My church has these groups called missional community groups that are made up of people from the same geographical neighborhood who are interested in doing things together in order to serve their immediate community. The groups are pretty autonomous, and each one has its own projects and agendas (which is the point), but every once in awhile the church trickles down some curriculum that they’d like each group to discuss. Recently we were given a handout on the topic of the person of peace (which is probably a whole post in its own right) that included an exercise to draw what you picture the kingdom of God looking like.
Normally I hate drawing prompts. I would just as soon tell you in words, and in fact could probably do a much more detailed job in that manner! (This is why I’m a blogger.) But I had fun with this thought exercise. Here’s what I drew:
Everyone is happy (even the sun, apparently!) and gets along, and there are no more tears. (That’s always been one of my favorite verses in the Bible about the kingdom: “He will wipe every tear from their eyes.”) There’s a table full of really good food that I’m sure gets replenished frequently, and there is music and singing all the time. There are infinite books and nice places to read them. And God, Jesus, and the Holy Spirit are up there hanging out with us.

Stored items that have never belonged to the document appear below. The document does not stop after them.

(* Assume that the presentation $\mathcal{P}^{[2]}_r(e,b)$ is consistent and that the test equations \begin{align*} c(a_k c(a_j a_i)) &= c(c(a_k a_j) a_i) & (w(a_k)+w(a_j)+w(a_i) \leq d),\\ c(r_j c(a_j a_i)) &= c( c(r_j a_j) a_i) & (r_j < \infty,\ w(a_j)+w(a_i) \leq d),\\ c(r_i c(a_j a_i )) &= c( a_j c( r_i a_i)) & (r_i < \infty,\ w(a_j)+w(a_i) \leq d) \end{align*} hold. Then $\tau_L$ and $\tau_R$ induce $R$-linear maps $\varphi_L, \varphi_R \colon A^{[2]} \rightarrow A^{[2]}$.
   Context: Let $R$ be a field or the ring of integers; all algebras are associative. $\mathcal{P}_r(e,b)$ is a nilpotent presentation on generators $a_1,\ldots,a_n$ with $r_1,\ldots,r_n \in \mathbb N \cup \{\infty\}$ and $e_{i,k}, b_{i,j,k} \in R$ (with $0 \leq e_{i,k}, b_{i,j,k} < r_k$ whenever $r_k<\infty$) and relations $r_i a_i = e_{i,i+1} a_{i+1} + \ldots + e_{i,n} a_n$ (for $r_i<\infty$) and $a_j a_i = b_{i,j,\ell+1} a_{\ell+1} + \ldots + b_{i,j,n} a_n$ with $\ell = \max\{i,j\}$ (for $1\le i,j\le n$). For $1 \le k \le n$, $\mathcal{P}^{[k]}_r(e,b)$ is the presentation on $a_k,\ldots,a_n$ whose relations are those relations of $\mathcal{P}_r(e,b)$ involving only these generators; $A^{[k]}$ is the algebra it defines and $F_k$ is the free associative algebra on $a_k,\ldots,a_n$. A presentation is consistent if each element of the defined algebra is represented by a unique reduced form $x_1a_1+\ldots+x_na_n$ ($0\le x_i<r_i$ if $r_i<\infty$). $c$ denotes the function on the free algebra induced by the collection algorithm, mapping an element to one of its reduced forms. $w$ is a weight function: $w(a_i)\in\mathbb N$ minimal subject to $w(a_k)\ge w(a_i)$ whenever $e_{i,k}\neq0$ and $w(a_k)\ge w(a_i)+w(a_j)$ whenever $b_{i,j,k}\ne 0$; $d=\max\{w(a_1),\ldots,w(a_n)\}$. The maps $\tau_L,\tau_R\colon F_2\to F_2$ are defined by $\tau_L(a_j)=\sum_{k=1}^n b_{j,1,k}a_k$ with $\tau_L(vw)=\tau_L(v)w$ for all $v,w\in F_2$, and $\tau_R(a_j)=\sum_{k=1}^n b_{1,j,k}a_k$ with $\tau_R(vw)=v\tau_R(w)$ for all $v,w\in F_2$ (i.e. left resp. right multiplication by $a_1$ expressed via the relations). *)

From mathcomp Require Import all_boot all_order all_algebra.
Set Implicit Arguments. Unset Strict Implicit. Unset Printing Implicit Defensive.
Import Order.TTheory GRing.Theory Num.Theory.
Local Open Scope ring_scope.
(* Let $g$ be any change of section. Then: (1) for all $\theta\in\mathbb{R}^d$, the matrices $\widehat\mu(\theta)$ and ${}^g\widehat\mu(\theta)$ have the same eigenvalues; in particular ${}^gk(\theta)=k(\theta)$ wherever $k$ is defined; (2) ${}^g\widehat\mu(0)=\widehat\mu(0)$, i.e. the Markovian part of the $g$-changed process has the same transition matrix as the original one; in particular ${}^g\pi=\pi$; (3) ${}^gm=m$; (4) there is no affine hyperplane $H$ of $\mathbb{R}^d$ such that $\operatorname{supp}({}^g\mu)\subset H$, where $\operatorname{supp}({}^g\mu)=\bigcup_{i,j}\operatorname{supp}({}^g\mu_{i,j})$.
   Context: Fix integers $d,p\ge 1$. Let $(Z_n)=(A_n,M_n)$ be a Markov-additive process on $\mathbb{Z}^d\times\{1,\dots,p\}$ (a Markov chain with $\mathbb{P}_{(x,i)}((A_1,M_1)=(x',i'))=\mathbb{P}_{(0,i)}((A_1,M_1)=(x'-x,i'))$), with jump matrix of sub-probability measures $\mu_{i,j}(x)=\mathbb{P}_{(0,i)}((A_1,M_1)=(x,j))$, assumed irreducible, aperiodic (for every state $(x,i)$, $\gcd\{n\ge1:\mathbb{P}_{(x,i)}(Z_n=(x,i))>0\}=1$), and with finite exponential moments ($\sum_x e^{\alpha\|x\|}\mu_{i,j}(x)<\infty$ for all $\alpha>0$). Fourier transform: $\widehat\mu(\theta)_{i,j}=\sum_x e^{\mathbf{i}x\cdot\theta}\mu_{i,j}(x)$; $\widehat\mu(0)$ is the transition matrix of $(M_n)$, with unique stationary distribution $\pi$. Local drifts $m_{i,j}=\sum_x x\mu_{i,j}(x)$, global drift $m=\sum_{i,j}\pi_im_{i,j}$. Near $\theta=0$, $k(\theta)$ denotes the unique eigenvalue of maximal modulus of $\widehat\mu(\theta)$ (it is simple). A change of section is a real $p\times d$ matrix $g$ with rows $g_1,\dots,g_p$; the $g$-changed process is the Markov-additive process (with additive part in a countable subset of $\mathbb{R}^d$) with jump measures ${}^g\mu_{i,j}(x)=\mu_{i,j}(x+g_j-g_i)$, $x\in\mathbb{R}^d$. All quantities of the $g$-changed process are defined in the same way and denoted with a left superscript $g$: ${}^g\widehat\mu(\theta)_{i,j}=\sum_{x\in\mathbb{R}^d}e^{\mathbf{i}x\cdot\theta}\,{}^g\mu_{i,j}(x)$, ${}^g\pi$ the stationary distribution of the matrix ${}^g\widehat\mu(0)$, ${}^gm_{i,j}=\sum_x x\,{}^g\mu_{i,j}(x)$, ${}^gm=\sum_{i,j}{}^g\pi_i\,{}^gm_{i,j}$, ${}^gk$ the leading eigenvalue of ${}^g\widehat\mu$. *)

From HB Require Import structures.
From mathcomp Require Import all_boot all_order all_algebra.
From mathcomp Require Import all_classical all_reals all_analysis.
From mathcomp Require Import complex.

Set Implicit Arguments.
Unset Strict Implicit.
Unset Printing Implicit Defensive.

Import Order.TTheory GRing.Theory Num.Theory.
Import numFieldNormedType.Exports.
Local Open Scope ring_scope.

Section MAP.
Variable R : realType.
Variables d p : nat.

(* jump "measures": mu i j x = P_(0,i)((A_1,M_1) = (x,j)), x ranging over R^d
   (for the original process the support is in Z^d, assumed separately). *)
Definition jumps := 'I_p -> 'I_p -> 'rV[R]_d -> R.

Definition dotv (x y : 'rV[R]_d) : R := \sum_(k < d) x 0 k * y 0 k.

Definition intv (x : 'rV[R]_d) : Prop := forall k, x 0 k \is a Num.int.

(* Sum of a real family over an arbitrary index type (meaningful for
   absolutely summable families): positive part minus negative part,
   each summed with MathComp-Analysis's esum. *)
Definition rsum (T : choiceType) (f : T -> R) : R :=
  (fine (\esum_(x in [set: T]) (Num.max (f x) 0)%:E)
   - fine (\esum_(x in [set: T]) (Num.max (- f x) 0)%:E))%R.

Definition change_section (g : 'M[R]_(p, d)) (mu : jumps) : jumps :=
  fun i j x => mu i j (x + row j g - row i g).

Definition fourier (mu : jumps) (theta : 'rV[R]_d) : 'M[complex R]_p :=
  \matrix_(i, j)
    Complex (rsum (fun x => cos (dotv x theta) * mu i j x))
            (rsum (fun x => sin (dotv x theta) * mu i j x)).

(* transition matrix of the Markovian part (M_n): hat mu(0), as a real matrix *)
Definition trans (mu : jumps) : 'M[R]_p := \matrix_(i, j) rsum (mu i j).

Definition stationary (P : 'M[R]_p) (pi : 'rV[R]_p) : Prop :=
  (forall i, 0 <= pi 0 i) /\ \sum_i pi 0 i = 1 /\ pi *m P = pi.

Definition local_drift (mu : jumps) (i j : 'I_p) : 'rV[R]_d :=
  \row_k rsum (fun x : 'rV[R]_d => x 0 k * mu i j x).

Definition global_drift (mu : jumps) (pi : 'rV[R]_p) : 'rV[R]_d :=
  \sum_i \sum_j pi 0 i *: local_drift mu i j.

(* one-step and n-step accessibility for the Markov-additive chain on
   R^d x {1..p}: P_{(x,i)}(Z_1 = (y,j)) = mu_{i,j}(y - x). *)
Definition step (mu : jumps) (s t : 'rV[R]_d * 'I_p) : Prop :=
  0 < mu s.2 t.2 (t.1 - s.1).

Fixpoint reach (mu : jumps) (n : nat) (s t : 'rV[R]_d * 'I_p) : Prop :=
  match n with
  | O => s = t
  | S n => exists u, reach mu n s u /\ step mu u t
  end.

Now, obviously, this is not literal, nor is it theologically correct. But it was fun to think about some of the nice things in this world that I imagine would only be magnified in the next. I have no idea what the infinite kingdom of God will be like, and I honestly don’t think about it that much. But perhaps the most beautiful part of all of it to me is in thinking about how we can bring this kingdom about here. Because the Bible tells us that’s our call. Sure, there are parts of eternity that simply can’t be fulfilled on this broken earth with broken people leading the charge. But the calls to love, give, and serve radically can happen now. I can do it. You can do it. And that small piece of heaven is the real representation of God’s kingdom.
How do you picture the kingdom of God?